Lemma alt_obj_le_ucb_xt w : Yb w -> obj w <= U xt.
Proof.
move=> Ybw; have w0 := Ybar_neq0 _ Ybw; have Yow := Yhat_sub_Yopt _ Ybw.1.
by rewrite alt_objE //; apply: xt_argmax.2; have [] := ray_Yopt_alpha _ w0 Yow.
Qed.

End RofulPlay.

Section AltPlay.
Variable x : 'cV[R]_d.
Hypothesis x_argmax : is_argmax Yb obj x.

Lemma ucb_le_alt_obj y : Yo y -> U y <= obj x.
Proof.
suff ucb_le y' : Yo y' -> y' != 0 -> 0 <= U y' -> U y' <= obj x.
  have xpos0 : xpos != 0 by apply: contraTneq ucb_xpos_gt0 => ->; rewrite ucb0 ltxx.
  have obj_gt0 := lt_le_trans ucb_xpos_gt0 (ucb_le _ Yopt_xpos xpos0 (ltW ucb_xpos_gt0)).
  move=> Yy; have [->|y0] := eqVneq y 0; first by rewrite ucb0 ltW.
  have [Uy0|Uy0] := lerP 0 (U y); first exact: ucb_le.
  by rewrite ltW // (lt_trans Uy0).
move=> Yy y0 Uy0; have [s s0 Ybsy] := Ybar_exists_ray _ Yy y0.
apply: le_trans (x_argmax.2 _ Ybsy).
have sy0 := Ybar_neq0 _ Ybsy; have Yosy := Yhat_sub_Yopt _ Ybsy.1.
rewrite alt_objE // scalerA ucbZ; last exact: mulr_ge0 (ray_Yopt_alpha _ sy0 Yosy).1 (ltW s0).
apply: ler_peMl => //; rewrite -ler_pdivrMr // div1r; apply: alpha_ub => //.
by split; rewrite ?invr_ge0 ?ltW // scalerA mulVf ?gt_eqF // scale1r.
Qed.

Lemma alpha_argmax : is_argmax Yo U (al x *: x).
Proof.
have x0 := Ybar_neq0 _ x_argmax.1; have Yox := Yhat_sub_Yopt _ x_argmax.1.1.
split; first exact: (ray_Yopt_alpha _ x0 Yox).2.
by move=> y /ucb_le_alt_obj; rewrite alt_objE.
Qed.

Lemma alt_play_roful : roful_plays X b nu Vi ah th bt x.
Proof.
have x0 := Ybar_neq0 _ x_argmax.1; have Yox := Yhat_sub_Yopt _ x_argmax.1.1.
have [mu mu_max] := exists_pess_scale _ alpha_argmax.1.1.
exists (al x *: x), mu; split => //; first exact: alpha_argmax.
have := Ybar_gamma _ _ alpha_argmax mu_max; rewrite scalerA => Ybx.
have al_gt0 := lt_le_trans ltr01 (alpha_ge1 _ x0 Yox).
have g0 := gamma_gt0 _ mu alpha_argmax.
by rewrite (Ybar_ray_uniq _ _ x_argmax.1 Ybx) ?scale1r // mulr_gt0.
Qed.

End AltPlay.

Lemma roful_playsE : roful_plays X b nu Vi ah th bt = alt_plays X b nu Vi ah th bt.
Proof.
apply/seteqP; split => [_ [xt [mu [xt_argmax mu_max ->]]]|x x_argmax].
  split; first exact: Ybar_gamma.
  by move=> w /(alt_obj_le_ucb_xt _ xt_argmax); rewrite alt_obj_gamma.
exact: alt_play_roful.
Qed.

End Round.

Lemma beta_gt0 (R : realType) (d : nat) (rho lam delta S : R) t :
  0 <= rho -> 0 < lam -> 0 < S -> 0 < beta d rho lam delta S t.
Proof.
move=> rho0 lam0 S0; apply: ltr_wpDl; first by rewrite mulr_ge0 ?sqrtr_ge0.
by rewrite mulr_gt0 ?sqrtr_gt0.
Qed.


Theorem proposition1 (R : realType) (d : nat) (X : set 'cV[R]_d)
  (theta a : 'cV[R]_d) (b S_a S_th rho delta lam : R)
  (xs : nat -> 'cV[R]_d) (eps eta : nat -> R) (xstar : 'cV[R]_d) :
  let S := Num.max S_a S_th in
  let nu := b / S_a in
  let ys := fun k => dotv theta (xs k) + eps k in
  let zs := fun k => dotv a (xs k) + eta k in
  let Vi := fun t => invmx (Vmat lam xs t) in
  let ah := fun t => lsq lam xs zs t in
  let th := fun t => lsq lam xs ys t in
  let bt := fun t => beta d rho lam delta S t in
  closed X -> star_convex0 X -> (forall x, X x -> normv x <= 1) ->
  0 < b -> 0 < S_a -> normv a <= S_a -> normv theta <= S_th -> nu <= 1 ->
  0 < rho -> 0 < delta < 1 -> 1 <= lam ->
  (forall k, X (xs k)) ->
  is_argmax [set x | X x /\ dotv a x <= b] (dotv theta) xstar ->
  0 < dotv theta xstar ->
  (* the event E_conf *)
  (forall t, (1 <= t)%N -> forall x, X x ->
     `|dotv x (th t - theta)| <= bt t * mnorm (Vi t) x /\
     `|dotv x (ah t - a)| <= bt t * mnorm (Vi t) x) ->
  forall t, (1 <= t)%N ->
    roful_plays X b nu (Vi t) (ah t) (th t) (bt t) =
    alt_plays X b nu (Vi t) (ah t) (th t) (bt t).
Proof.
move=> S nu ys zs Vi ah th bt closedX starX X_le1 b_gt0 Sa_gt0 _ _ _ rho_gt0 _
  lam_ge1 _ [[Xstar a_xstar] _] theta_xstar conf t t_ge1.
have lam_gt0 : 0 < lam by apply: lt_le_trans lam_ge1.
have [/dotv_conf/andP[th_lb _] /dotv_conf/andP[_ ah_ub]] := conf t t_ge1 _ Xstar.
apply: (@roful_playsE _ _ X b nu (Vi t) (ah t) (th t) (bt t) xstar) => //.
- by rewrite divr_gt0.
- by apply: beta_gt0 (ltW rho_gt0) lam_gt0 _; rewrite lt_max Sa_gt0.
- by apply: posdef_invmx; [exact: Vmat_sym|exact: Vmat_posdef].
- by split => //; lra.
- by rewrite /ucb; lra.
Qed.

......

Action item |
For the word "delta", show every line of the entries that holds it.

Your solution |
Lemma beta_gt0 (R : realType) (d : nat) (rho lam delta S : R) t :
  0 <= rho -> 0 < lam -> 0 < S -> 0 < beta d rho lam delta S t.
  (theta a : 'cV[R]_d) (b S_a S_th rho delta lam : R)
  let bt := fun t => beta d rho lam delta S t in
  0 < rho -> 0 < delta < 1 -> 1 <= lam ->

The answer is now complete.